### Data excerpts
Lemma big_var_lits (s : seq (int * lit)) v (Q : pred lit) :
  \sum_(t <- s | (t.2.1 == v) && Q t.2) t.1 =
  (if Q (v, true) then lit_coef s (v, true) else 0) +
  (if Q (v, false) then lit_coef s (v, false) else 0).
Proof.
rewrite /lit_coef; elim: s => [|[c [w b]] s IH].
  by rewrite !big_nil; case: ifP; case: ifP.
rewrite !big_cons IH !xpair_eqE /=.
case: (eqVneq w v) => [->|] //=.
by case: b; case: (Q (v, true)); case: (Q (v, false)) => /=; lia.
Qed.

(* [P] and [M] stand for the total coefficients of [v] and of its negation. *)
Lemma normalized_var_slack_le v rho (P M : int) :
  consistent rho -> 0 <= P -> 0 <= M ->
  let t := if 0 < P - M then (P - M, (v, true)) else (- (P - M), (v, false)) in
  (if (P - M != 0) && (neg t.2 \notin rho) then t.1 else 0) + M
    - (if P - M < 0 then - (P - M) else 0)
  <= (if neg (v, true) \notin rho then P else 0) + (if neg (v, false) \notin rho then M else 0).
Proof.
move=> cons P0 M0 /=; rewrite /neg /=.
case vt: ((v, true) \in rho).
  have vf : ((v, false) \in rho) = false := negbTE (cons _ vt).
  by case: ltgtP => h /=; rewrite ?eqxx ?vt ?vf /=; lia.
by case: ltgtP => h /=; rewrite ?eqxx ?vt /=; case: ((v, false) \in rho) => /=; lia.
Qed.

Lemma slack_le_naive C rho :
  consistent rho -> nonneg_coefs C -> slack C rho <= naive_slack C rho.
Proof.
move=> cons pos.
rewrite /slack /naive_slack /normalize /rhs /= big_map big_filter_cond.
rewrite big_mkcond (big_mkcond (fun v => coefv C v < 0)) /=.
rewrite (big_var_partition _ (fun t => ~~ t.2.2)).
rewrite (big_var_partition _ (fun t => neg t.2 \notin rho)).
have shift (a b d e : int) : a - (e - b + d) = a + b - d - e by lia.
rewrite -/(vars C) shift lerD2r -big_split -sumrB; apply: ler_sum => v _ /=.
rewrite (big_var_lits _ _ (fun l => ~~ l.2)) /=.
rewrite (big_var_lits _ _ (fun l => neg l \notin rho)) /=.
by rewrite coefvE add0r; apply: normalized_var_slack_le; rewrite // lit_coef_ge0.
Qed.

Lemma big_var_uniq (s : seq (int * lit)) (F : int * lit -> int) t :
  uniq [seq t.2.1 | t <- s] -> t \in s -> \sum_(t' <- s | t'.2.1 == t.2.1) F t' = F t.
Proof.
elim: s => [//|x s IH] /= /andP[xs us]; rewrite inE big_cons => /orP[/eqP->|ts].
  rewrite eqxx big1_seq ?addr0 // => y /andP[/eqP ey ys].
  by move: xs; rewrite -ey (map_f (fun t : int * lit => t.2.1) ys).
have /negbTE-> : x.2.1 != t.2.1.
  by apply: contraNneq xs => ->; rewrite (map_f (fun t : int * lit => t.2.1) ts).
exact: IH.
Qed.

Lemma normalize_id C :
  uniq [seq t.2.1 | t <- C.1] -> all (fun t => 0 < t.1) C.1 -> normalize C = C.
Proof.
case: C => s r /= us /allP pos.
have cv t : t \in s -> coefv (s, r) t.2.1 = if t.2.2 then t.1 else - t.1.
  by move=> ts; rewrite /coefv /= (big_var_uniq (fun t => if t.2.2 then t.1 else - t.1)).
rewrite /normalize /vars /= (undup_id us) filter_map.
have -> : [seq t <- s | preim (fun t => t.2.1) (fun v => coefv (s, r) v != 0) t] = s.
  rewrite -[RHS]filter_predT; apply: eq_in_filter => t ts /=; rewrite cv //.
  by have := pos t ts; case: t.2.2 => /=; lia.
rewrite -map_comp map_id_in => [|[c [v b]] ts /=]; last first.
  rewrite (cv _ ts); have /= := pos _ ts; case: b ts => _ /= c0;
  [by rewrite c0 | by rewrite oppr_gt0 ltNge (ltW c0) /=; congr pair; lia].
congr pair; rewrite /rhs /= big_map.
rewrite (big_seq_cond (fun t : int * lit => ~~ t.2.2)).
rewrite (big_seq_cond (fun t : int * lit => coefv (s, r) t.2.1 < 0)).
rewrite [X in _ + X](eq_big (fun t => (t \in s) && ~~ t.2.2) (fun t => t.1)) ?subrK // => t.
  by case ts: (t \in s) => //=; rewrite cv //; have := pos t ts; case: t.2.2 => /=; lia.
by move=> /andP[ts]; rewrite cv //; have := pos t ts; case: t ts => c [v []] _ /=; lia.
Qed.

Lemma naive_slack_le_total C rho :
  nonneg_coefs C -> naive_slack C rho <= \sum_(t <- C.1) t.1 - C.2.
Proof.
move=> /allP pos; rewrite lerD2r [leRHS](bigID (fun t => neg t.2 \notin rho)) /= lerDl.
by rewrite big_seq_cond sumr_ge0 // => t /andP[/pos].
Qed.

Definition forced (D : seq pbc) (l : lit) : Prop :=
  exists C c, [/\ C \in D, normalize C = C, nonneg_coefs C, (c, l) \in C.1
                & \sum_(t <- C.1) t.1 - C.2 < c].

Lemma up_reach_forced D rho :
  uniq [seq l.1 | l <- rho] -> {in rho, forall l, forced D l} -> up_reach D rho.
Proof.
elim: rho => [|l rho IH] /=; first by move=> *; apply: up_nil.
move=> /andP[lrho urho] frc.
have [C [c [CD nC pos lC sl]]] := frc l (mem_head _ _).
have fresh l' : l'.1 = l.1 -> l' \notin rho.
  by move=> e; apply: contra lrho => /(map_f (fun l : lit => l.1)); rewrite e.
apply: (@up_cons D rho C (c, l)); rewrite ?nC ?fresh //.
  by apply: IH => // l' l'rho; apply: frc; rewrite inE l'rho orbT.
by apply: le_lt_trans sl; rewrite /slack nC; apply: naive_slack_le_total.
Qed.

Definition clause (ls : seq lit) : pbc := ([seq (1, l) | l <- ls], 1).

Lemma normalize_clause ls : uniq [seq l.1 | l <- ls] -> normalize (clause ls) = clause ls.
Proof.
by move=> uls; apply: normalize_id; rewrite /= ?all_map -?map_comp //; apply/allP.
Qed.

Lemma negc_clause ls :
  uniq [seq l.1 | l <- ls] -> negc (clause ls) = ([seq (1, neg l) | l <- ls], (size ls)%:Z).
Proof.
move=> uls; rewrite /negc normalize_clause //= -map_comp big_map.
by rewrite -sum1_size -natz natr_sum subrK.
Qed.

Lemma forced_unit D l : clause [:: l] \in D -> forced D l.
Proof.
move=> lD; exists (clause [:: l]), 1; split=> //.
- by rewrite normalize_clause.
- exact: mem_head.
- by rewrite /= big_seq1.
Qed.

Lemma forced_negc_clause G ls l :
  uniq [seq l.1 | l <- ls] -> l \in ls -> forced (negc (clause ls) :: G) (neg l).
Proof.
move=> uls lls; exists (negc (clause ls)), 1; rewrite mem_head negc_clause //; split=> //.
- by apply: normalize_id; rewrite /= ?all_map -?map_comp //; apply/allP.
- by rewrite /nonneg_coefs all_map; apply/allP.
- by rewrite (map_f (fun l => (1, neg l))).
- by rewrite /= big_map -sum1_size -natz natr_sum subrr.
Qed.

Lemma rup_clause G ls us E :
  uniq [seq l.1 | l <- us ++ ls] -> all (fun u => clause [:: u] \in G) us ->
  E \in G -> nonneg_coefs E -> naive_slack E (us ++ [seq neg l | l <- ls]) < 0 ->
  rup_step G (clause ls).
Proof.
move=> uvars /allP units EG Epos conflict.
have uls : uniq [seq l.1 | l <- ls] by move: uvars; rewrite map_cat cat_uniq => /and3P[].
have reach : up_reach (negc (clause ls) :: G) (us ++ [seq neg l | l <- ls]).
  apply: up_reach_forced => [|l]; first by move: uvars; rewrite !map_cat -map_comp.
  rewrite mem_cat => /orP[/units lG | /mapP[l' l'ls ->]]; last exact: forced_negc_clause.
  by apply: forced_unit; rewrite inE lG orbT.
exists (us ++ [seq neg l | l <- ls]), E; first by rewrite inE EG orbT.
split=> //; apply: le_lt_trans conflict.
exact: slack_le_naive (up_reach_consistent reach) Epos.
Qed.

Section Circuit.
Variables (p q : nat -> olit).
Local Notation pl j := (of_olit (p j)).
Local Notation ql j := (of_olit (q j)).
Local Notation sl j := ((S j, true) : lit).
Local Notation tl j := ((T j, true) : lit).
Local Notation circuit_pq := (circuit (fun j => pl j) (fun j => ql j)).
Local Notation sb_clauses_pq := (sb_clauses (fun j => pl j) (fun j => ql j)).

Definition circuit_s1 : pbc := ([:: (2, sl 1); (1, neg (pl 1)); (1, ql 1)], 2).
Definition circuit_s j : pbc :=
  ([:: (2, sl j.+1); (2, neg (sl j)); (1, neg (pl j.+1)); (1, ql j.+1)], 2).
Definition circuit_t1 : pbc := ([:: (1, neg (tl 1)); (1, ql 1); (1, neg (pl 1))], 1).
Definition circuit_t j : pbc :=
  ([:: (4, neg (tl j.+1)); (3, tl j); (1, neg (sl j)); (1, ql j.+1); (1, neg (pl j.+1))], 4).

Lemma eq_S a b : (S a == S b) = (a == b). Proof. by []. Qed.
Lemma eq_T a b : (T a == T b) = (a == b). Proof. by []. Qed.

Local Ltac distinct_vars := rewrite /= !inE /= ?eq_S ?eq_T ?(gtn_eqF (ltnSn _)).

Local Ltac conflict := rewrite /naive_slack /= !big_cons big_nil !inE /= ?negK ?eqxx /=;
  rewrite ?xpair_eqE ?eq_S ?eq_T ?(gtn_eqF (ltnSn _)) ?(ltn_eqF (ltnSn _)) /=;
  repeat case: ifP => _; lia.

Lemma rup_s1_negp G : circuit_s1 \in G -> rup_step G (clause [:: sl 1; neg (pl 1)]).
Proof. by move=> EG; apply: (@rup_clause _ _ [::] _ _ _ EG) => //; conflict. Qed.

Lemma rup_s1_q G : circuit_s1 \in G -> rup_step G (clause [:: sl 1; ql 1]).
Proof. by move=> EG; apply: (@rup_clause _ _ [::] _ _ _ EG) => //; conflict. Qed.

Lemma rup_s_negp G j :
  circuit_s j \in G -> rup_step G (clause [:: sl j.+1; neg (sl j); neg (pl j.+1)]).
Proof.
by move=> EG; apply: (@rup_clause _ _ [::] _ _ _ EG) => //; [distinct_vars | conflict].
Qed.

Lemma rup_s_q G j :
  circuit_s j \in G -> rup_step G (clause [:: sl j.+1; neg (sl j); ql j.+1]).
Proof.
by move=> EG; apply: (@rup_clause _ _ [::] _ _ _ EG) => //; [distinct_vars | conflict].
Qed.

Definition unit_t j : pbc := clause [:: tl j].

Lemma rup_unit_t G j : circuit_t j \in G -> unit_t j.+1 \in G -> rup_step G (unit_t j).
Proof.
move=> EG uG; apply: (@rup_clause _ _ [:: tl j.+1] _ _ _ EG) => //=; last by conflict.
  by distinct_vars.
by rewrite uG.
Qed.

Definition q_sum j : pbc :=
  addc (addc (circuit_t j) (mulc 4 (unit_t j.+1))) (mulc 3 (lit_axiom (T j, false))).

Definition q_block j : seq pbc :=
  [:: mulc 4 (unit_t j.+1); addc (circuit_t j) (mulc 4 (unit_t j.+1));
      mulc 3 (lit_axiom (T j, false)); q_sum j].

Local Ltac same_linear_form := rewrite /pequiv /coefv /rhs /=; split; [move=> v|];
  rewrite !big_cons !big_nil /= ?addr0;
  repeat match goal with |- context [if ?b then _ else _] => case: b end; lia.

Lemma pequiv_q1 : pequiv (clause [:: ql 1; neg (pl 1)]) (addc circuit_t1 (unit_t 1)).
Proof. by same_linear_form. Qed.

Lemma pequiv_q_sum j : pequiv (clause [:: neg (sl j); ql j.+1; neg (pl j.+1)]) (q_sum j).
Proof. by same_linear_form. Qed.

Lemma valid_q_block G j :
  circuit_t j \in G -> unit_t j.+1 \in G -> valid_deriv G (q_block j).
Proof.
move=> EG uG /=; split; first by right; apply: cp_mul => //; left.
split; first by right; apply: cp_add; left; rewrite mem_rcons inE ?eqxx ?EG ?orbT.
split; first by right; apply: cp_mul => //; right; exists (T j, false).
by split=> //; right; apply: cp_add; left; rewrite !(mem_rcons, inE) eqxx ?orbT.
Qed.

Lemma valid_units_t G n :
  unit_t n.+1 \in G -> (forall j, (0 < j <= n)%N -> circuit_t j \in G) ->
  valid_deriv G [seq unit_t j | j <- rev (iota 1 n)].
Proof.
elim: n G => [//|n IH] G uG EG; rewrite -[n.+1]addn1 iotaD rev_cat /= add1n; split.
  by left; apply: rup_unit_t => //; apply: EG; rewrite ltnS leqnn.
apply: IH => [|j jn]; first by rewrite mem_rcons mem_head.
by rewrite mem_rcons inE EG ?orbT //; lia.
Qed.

### Task item
Within the records above, the line carrying "by split=> //;" starts the range and the last line ends it. Set down that range exactly.

### Exercise result
by split=> //; right; apply: cp_add; left; rewrite !(mem_rcons, inE) eqxx ?orbT.
Qed.

Lemma valid_units_t G n :
  unit_t n.+1 \in G -> (forall j, (0 < j <= n)%N -> circuit_t j \in G) ->
  valid_deriv G [seq unit_t j | j <- rev (iota 1 n)].
Proof.
elim: n G => [//|n IH] G uG EG; rewrite -[n.+1]addn1 iotaD rev_cat /= add1n; split.
  by left; apply: rup_unit_t => //; apply: EG; rewrite ltnS leqnn.
apply: IH => [|j jn]; first by rewrite mem_rcons mem_head.
by rewrite mem_rcons inE EG ?orbT //; lia.
Qed.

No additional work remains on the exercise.